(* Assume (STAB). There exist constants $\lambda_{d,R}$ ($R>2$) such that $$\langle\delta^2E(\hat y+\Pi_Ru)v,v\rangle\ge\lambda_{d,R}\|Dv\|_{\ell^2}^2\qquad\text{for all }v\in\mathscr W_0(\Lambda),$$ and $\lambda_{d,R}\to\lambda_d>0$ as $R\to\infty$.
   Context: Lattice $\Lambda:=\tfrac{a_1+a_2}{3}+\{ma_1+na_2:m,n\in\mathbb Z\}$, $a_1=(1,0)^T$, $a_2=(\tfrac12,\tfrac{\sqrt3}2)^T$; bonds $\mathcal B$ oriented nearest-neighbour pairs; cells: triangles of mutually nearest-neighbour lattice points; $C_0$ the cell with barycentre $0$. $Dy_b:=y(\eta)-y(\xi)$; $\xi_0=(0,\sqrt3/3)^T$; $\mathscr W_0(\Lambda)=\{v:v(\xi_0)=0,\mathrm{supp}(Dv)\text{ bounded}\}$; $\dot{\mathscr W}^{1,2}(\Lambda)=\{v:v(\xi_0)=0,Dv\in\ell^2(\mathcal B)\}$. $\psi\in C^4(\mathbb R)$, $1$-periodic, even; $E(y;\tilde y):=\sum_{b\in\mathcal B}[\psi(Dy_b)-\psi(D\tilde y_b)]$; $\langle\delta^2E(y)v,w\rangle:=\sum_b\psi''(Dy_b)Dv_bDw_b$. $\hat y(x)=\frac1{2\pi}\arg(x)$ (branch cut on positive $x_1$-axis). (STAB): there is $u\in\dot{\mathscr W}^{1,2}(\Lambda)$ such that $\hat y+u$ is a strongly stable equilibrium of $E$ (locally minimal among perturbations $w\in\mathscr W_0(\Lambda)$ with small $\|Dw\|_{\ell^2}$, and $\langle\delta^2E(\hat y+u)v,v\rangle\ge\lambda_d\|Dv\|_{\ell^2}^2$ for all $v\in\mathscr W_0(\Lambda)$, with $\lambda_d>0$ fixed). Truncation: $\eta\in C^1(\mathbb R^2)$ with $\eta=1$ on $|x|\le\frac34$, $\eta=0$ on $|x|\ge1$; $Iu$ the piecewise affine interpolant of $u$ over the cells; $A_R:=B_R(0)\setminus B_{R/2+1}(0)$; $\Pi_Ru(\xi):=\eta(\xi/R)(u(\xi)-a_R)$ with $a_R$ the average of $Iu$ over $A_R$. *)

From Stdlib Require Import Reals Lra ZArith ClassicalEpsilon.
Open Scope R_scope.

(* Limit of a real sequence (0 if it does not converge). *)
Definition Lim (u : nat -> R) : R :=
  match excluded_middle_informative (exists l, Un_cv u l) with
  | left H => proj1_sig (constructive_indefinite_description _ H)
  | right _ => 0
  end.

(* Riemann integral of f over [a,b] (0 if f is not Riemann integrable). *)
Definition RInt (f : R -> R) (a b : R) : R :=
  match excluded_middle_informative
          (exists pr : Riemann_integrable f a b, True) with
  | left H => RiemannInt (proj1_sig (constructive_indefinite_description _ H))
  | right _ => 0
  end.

★ ★ ★ ★ ★ ★ ★

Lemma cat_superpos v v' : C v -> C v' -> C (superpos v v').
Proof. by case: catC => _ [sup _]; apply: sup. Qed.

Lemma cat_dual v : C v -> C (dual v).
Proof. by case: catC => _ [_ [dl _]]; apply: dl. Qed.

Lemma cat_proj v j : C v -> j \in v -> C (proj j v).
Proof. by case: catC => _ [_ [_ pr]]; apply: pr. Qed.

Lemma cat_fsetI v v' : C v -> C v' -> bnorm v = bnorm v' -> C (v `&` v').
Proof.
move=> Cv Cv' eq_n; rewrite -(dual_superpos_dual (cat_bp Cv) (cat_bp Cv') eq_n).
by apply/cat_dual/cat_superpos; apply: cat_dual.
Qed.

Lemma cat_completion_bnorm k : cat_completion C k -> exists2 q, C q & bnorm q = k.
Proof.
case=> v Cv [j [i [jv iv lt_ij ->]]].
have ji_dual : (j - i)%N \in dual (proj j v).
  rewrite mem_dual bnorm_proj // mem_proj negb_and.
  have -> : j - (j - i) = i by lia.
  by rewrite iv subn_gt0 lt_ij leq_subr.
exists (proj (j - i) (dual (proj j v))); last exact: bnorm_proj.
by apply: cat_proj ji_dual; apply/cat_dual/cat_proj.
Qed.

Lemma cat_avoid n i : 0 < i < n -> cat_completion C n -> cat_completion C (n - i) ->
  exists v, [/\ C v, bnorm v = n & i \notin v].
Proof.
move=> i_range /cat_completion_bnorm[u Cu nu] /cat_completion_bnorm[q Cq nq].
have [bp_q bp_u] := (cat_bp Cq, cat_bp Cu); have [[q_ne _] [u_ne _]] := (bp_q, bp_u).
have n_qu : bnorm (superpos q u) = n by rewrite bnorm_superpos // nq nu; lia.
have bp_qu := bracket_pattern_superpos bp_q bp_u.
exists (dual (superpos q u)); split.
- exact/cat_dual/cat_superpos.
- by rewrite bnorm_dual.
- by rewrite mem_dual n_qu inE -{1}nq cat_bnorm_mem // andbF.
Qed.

★ ★ ★ ★ ★ ★ ★

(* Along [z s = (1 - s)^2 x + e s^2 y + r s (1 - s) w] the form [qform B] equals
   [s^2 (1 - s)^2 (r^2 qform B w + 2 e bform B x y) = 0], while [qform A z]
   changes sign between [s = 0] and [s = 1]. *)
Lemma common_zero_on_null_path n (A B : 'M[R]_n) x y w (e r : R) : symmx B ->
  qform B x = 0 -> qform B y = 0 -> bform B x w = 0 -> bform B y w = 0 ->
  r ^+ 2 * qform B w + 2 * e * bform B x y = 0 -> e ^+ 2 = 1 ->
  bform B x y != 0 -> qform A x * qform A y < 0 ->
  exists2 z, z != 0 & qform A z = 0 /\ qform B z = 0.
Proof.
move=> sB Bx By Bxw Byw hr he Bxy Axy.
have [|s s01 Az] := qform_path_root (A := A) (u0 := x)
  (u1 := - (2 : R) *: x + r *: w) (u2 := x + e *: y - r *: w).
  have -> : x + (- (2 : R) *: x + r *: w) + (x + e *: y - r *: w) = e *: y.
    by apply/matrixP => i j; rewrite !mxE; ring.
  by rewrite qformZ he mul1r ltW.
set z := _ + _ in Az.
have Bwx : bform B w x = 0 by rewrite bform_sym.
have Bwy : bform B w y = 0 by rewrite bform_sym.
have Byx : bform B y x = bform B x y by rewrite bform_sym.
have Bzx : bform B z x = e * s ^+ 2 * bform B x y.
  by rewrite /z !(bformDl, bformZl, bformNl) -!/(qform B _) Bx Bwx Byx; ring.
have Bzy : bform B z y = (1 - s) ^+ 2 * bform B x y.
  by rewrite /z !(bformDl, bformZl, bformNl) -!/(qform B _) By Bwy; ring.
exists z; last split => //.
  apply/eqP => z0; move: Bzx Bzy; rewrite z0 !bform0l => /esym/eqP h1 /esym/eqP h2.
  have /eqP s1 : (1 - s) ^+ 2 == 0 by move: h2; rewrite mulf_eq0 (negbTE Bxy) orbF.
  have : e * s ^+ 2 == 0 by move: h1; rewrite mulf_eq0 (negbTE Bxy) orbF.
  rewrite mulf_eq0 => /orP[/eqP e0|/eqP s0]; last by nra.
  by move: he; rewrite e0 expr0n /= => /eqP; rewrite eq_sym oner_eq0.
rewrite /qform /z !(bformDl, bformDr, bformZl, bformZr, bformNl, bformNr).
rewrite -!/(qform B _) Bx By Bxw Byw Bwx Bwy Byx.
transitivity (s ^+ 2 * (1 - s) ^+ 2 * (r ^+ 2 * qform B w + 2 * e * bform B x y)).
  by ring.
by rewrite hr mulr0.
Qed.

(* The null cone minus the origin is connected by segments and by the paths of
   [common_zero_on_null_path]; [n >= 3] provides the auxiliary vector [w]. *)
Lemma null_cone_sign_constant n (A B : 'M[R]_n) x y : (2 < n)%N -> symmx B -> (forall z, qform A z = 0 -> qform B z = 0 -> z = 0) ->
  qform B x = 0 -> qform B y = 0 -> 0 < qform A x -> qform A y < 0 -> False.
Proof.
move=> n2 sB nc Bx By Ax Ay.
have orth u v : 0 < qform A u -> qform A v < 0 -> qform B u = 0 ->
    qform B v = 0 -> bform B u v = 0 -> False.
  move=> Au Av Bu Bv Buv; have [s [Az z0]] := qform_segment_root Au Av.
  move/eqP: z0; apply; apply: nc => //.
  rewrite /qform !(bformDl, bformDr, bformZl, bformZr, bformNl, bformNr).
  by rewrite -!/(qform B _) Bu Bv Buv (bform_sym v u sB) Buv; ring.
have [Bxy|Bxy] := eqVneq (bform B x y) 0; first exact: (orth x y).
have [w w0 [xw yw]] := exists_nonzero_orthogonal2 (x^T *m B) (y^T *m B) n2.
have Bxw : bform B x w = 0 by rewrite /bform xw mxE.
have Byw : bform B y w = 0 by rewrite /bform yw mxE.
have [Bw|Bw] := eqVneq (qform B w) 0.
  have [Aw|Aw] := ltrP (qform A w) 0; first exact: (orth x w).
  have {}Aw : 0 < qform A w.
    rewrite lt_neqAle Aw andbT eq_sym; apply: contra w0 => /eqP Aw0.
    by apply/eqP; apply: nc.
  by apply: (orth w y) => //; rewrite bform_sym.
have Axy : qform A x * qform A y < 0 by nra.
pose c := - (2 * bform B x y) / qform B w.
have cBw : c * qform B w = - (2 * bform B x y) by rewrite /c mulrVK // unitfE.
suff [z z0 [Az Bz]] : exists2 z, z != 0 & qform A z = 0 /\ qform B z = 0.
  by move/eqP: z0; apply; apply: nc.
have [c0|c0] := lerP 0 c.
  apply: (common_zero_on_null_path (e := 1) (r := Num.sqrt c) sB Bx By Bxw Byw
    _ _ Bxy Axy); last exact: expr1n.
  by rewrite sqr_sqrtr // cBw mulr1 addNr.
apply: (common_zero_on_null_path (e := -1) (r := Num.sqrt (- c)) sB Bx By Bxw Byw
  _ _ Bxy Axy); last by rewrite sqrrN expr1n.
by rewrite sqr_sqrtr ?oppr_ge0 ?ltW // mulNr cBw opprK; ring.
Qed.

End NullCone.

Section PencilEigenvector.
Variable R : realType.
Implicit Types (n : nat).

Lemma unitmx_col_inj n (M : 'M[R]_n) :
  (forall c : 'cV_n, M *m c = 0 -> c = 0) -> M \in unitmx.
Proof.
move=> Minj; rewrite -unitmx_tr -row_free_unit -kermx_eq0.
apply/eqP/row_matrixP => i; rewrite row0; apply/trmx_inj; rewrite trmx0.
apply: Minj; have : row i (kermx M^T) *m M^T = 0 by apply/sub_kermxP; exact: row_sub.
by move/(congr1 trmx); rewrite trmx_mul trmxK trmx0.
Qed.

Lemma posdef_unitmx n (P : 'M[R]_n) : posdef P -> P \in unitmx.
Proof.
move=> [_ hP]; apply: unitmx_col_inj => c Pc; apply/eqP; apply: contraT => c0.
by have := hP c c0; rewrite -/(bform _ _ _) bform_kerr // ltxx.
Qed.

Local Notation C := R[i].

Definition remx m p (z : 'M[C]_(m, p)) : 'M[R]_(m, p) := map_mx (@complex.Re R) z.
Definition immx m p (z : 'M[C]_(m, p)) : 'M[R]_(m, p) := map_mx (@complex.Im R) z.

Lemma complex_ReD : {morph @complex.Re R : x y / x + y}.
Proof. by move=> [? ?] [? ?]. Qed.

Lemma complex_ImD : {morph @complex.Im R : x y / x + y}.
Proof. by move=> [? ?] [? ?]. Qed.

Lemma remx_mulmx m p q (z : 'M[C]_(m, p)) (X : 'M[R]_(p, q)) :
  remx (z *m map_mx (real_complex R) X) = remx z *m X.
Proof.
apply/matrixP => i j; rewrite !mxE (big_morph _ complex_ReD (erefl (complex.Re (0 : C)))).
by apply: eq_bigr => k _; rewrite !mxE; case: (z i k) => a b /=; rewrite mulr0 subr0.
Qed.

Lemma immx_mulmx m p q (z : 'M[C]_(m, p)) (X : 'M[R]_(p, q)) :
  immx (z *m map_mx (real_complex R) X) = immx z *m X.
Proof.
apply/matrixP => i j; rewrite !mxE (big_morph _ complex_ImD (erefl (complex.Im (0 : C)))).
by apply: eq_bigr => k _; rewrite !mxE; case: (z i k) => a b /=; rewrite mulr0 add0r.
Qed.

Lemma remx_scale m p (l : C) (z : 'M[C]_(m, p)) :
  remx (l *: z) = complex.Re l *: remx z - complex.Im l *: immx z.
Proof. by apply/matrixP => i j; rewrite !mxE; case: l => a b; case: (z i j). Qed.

★ ★ ★ ★ ★ ★ ★

### THE PROBLEM
Would you print, exactly as written, every line above from the one holding "move=> sB Bx By Bxw Byw hr he Bxy Axy." through the one holding "have Bwy : bform", with both included and no other lines?

### OUTPUT OF THE TASK
move=> sB Bx By Bxw Byw hr he Bxy Axy.
have [|s s01 Az] := qform_path_root (A := A) (u0 := x)
  (u1 := - (2 : R) *: x + r *: w) (u2 := x + e *: y - r *: w).
  have -> : x + (- (2 : R) *: x + r *: w) + (x + e *: y - r *: w) = e *: y.
    by apply/matrixP => i j; rewrite !mxE; ring.
  by rewrite qformZ he mul1r ltW.
set z := _ + _ in Az.
have Bwx : bform B w x = 0 by rewrite bform_sym.
have Bwy : bform B w y = 0 by rewrite bform_sym.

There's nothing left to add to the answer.